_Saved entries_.
——————

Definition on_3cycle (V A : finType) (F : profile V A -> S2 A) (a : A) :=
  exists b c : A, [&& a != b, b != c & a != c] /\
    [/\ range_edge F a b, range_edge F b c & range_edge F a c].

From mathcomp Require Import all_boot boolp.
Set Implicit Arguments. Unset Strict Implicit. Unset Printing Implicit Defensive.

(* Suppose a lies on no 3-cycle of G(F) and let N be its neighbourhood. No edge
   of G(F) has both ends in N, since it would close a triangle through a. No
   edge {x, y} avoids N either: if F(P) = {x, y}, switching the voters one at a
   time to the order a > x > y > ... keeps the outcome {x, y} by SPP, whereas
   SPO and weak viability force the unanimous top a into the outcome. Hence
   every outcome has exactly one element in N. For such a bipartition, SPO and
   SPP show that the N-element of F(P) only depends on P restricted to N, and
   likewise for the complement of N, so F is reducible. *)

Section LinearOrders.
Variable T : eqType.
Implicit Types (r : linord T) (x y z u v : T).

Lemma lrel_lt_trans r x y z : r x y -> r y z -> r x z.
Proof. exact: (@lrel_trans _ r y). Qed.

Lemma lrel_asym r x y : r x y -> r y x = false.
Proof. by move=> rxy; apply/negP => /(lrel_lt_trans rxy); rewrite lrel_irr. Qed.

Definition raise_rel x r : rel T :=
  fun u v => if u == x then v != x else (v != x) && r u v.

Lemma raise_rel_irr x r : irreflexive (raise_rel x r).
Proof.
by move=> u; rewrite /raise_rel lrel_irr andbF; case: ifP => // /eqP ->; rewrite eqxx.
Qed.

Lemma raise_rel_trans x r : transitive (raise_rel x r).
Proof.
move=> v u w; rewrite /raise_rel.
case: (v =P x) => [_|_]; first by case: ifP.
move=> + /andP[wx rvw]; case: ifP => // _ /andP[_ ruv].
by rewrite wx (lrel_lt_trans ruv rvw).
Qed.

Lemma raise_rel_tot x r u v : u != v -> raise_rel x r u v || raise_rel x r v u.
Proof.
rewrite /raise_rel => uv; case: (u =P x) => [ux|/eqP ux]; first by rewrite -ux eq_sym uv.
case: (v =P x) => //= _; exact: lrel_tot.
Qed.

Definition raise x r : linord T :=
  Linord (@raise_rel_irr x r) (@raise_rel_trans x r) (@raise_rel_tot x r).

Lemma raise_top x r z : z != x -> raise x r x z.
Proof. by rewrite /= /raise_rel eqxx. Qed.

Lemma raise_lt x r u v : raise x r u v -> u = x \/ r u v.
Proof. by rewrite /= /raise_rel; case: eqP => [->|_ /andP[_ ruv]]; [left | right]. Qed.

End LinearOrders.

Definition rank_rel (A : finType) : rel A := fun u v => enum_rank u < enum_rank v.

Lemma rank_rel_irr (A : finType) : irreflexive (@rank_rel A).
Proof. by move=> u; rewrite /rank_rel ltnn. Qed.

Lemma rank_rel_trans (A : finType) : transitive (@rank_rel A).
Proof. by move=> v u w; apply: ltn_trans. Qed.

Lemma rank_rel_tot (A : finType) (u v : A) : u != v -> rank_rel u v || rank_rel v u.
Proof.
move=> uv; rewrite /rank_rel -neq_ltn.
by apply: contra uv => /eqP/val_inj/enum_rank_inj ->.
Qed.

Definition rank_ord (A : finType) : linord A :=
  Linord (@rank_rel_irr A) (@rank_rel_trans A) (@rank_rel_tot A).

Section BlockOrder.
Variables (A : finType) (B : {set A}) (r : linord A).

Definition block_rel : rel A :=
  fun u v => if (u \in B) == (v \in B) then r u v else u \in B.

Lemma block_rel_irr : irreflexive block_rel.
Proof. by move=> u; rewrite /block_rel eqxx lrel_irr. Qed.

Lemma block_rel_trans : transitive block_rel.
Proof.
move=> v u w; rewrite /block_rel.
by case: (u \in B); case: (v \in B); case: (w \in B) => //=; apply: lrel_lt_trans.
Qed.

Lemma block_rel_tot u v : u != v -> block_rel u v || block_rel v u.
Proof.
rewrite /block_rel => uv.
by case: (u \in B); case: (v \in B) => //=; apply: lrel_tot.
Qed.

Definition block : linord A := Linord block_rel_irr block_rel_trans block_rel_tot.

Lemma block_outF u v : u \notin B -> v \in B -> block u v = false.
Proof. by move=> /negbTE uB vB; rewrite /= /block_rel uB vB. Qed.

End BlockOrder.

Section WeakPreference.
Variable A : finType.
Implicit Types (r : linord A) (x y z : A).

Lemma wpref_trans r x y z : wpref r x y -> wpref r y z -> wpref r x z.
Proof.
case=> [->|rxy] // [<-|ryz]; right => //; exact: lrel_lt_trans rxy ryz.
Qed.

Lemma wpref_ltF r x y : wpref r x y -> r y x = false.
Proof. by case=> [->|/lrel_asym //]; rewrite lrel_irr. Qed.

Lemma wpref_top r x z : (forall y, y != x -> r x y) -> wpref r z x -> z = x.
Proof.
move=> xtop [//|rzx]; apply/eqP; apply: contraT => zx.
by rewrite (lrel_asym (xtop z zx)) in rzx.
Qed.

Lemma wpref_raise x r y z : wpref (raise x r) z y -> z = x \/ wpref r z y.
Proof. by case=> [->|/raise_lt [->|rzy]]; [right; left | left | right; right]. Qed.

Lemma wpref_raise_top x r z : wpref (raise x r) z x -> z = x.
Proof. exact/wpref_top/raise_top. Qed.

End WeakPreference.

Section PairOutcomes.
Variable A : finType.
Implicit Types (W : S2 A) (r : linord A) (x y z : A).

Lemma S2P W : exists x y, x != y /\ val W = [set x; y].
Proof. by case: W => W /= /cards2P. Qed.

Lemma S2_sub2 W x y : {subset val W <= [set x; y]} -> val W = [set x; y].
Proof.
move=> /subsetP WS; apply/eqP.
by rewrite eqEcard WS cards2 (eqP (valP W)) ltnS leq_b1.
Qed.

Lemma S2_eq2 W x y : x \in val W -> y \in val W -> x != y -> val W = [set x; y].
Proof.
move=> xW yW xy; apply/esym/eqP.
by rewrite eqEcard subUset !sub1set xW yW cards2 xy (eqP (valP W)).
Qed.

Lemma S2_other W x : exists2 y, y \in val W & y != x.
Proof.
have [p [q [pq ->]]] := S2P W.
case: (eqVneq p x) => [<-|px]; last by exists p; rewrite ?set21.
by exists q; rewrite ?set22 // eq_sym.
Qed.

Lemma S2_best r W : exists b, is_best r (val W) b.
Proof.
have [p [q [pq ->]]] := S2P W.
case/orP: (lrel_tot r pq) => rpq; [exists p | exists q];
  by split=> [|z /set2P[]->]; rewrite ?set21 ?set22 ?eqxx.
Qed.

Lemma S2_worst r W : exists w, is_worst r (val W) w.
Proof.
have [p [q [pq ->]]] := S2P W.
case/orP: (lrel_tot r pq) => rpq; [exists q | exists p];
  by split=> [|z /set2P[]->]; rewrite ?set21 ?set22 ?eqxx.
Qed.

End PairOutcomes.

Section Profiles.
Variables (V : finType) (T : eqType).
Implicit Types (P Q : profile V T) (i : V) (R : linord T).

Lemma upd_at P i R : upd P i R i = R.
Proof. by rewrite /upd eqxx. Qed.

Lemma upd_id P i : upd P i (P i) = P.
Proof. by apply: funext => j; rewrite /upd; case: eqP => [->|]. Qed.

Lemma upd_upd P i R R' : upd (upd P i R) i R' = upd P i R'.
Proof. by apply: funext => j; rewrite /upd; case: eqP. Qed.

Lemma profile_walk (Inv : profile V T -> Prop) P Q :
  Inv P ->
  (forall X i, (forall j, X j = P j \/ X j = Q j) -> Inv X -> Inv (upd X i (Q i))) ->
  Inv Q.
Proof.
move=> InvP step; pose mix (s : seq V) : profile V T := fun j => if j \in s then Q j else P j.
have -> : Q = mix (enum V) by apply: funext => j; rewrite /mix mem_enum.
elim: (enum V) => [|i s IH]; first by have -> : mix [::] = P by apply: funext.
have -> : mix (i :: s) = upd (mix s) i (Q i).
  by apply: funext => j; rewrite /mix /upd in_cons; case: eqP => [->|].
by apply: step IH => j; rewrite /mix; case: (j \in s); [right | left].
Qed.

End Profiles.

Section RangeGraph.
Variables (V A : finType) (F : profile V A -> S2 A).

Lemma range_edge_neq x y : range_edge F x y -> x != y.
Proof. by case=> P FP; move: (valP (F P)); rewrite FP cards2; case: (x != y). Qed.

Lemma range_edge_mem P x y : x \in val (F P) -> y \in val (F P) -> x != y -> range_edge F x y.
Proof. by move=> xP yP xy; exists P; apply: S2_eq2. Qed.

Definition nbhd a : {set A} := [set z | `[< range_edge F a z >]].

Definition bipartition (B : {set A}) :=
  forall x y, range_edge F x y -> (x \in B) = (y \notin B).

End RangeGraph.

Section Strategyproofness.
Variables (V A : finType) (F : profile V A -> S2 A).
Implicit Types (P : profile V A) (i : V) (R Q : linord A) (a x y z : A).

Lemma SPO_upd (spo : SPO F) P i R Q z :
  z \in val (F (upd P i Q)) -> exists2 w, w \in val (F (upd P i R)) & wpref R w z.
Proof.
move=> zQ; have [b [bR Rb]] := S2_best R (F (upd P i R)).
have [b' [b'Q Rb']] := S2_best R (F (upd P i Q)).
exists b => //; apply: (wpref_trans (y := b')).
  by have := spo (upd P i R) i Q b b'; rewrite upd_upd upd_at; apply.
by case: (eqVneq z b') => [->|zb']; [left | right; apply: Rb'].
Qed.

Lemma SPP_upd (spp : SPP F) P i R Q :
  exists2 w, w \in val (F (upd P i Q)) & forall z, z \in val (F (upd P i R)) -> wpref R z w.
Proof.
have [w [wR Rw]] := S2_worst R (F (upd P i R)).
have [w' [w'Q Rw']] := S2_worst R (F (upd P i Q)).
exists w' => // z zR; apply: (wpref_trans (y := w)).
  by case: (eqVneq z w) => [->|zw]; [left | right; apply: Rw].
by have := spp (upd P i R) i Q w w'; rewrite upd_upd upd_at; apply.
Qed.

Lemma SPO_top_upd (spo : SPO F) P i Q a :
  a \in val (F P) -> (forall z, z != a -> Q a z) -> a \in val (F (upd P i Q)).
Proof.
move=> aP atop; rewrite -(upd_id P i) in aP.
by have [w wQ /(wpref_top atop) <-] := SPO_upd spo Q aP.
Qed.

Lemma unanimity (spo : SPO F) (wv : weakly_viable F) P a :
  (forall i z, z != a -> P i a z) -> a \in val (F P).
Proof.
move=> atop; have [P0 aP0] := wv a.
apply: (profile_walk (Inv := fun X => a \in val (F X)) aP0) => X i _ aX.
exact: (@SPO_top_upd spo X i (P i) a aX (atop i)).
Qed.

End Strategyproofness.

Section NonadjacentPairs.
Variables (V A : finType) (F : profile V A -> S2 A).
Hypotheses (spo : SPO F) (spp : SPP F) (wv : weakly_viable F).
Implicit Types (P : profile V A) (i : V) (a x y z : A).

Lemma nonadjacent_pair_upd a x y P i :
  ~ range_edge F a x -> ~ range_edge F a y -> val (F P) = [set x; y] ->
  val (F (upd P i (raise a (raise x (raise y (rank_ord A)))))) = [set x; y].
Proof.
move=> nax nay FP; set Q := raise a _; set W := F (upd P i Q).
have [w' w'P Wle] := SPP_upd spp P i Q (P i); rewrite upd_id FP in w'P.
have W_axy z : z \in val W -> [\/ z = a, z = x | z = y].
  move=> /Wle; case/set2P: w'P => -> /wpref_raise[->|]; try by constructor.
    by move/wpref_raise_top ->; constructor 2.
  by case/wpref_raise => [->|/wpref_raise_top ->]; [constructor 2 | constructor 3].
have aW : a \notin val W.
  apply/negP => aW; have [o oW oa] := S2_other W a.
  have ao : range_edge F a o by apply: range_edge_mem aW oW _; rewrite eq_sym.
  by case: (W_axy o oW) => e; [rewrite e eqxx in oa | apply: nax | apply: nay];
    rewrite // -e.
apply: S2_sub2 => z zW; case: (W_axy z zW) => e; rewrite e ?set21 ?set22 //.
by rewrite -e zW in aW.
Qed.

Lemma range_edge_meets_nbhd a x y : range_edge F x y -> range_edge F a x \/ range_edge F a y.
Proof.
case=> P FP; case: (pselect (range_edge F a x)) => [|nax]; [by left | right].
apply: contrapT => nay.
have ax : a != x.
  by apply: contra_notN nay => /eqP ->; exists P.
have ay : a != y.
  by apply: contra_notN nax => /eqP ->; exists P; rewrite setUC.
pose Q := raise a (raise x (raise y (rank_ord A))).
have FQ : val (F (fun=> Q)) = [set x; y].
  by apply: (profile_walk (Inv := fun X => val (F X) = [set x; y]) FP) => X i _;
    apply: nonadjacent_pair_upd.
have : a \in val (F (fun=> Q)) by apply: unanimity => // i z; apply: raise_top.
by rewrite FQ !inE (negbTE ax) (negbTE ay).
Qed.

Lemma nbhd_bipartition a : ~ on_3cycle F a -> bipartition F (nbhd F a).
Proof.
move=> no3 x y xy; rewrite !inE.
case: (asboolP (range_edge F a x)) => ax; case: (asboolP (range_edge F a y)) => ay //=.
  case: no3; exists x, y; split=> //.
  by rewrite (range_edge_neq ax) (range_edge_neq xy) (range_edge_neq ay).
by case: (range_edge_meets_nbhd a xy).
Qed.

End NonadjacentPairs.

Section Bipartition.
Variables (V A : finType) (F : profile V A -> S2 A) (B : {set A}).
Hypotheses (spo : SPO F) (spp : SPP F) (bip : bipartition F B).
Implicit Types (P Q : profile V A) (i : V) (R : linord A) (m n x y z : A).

——————

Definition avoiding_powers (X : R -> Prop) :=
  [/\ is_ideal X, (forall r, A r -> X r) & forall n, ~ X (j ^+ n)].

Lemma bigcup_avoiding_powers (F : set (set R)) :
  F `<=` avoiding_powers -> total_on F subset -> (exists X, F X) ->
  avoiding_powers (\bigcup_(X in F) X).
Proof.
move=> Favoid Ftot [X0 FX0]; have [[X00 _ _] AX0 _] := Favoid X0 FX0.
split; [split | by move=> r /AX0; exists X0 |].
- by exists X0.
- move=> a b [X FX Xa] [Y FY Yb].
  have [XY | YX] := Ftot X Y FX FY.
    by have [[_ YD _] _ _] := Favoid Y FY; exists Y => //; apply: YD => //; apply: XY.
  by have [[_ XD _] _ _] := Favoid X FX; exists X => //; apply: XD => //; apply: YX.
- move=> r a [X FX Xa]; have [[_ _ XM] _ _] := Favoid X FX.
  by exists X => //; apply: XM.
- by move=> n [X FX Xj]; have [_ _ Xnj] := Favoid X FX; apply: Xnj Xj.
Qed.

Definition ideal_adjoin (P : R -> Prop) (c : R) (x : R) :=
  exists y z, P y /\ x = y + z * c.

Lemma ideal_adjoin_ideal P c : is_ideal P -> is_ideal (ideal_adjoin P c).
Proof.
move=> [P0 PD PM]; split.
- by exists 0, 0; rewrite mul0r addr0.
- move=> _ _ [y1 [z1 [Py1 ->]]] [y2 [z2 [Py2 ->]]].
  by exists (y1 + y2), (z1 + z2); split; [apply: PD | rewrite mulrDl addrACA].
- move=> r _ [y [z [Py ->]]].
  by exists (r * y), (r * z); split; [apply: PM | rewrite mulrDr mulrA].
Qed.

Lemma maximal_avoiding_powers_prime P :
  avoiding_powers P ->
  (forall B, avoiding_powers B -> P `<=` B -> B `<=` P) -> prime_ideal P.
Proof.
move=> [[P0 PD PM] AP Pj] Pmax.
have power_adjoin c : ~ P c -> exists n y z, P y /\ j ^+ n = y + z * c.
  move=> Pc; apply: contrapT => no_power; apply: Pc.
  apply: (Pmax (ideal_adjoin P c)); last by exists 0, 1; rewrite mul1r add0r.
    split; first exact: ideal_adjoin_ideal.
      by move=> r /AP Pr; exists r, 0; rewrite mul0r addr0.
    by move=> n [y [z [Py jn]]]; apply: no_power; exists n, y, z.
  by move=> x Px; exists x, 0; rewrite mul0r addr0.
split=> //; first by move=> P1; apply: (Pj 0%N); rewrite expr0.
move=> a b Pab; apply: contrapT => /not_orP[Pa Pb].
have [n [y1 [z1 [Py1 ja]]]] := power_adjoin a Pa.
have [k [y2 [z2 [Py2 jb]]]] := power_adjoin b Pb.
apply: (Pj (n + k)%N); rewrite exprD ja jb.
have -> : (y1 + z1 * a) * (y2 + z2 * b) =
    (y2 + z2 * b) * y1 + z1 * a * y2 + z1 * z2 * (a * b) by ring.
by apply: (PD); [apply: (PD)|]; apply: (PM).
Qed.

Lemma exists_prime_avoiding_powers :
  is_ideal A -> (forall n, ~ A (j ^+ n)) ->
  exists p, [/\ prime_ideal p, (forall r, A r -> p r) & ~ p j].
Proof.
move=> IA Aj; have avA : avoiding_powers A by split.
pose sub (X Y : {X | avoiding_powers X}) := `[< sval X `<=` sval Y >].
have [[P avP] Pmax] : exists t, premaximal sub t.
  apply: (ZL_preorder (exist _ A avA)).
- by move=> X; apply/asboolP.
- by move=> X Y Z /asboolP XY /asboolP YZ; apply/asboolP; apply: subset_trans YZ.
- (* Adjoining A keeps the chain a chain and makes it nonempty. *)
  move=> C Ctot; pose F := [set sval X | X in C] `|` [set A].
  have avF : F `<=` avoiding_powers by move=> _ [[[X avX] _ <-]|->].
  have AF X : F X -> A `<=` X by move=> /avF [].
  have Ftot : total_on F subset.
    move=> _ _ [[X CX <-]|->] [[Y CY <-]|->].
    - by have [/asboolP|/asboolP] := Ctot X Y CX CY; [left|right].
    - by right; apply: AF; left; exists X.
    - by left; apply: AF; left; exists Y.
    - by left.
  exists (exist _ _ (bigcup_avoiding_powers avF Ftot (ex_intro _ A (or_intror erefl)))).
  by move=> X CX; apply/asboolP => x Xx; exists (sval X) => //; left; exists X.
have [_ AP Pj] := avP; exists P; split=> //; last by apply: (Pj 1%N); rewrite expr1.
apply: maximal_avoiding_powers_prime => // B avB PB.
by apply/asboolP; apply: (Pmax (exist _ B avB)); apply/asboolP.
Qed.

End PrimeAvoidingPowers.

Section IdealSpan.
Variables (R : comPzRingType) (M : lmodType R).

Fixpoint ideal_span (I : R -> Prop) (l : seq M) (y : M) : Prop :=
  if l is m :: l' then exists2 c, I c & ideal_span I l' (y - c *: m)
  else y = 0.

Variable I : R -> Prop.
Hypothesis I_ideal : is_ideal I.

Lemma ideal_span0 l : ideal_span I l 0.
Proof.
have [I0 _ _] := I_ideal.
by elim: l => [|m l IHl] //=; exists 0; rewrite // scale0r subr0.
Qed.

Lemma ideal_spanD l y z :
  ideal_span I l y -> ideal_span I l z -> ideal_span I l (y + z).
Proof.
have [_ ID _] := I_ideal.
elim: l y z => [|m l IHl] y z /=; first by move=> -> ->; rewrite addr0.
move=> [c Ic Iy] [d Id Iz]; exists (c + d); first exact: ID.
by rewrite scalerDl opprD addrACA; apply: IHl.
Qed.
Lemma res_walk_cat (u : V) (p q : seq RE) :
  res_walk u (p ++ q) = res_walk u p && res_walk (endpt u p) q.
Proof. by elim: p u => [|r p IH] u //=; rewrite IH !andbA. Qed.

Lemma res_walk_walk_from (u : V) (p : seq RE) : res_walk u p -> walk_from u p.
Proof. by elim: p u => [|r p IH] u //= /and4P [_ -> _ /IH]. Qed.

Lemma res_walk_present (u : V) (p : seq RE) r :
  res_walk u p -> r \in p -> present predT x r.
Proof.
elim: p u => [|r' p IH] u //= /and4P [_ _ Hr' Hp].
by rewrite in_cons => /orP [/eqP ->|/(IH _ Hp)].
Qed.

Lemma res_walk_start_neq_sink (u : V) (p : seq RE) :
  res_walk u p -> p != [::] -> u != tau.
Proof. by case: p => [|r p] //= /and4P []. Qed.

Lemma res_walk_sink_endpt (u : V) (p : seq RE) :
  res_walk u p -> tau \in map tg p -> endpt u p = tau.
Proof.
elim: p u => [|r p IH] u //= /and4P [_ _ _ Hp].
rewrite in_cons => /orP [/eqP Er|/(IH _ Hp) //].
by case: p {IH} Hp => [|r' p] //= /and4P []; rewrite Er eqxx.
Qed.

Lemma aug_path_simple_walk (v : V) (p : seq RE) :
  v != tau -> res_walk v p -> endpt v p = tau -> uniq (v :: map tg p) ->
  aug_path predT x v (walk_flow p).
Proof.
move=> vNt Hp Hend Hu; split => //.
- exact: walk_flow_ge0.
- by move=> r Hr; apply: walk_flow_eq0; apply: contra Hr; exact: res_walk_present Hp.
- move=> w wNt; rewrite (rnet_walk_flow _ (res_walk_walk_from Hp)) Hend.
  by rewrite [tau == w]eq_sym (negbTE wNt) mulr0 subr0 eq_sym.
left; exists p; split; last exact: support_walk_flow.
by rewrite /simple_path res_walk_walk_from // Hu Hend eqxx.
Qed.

——————

_Required action_.
Please say only the number of lines in the data that hold "unanimity".

_Worked solution_.
2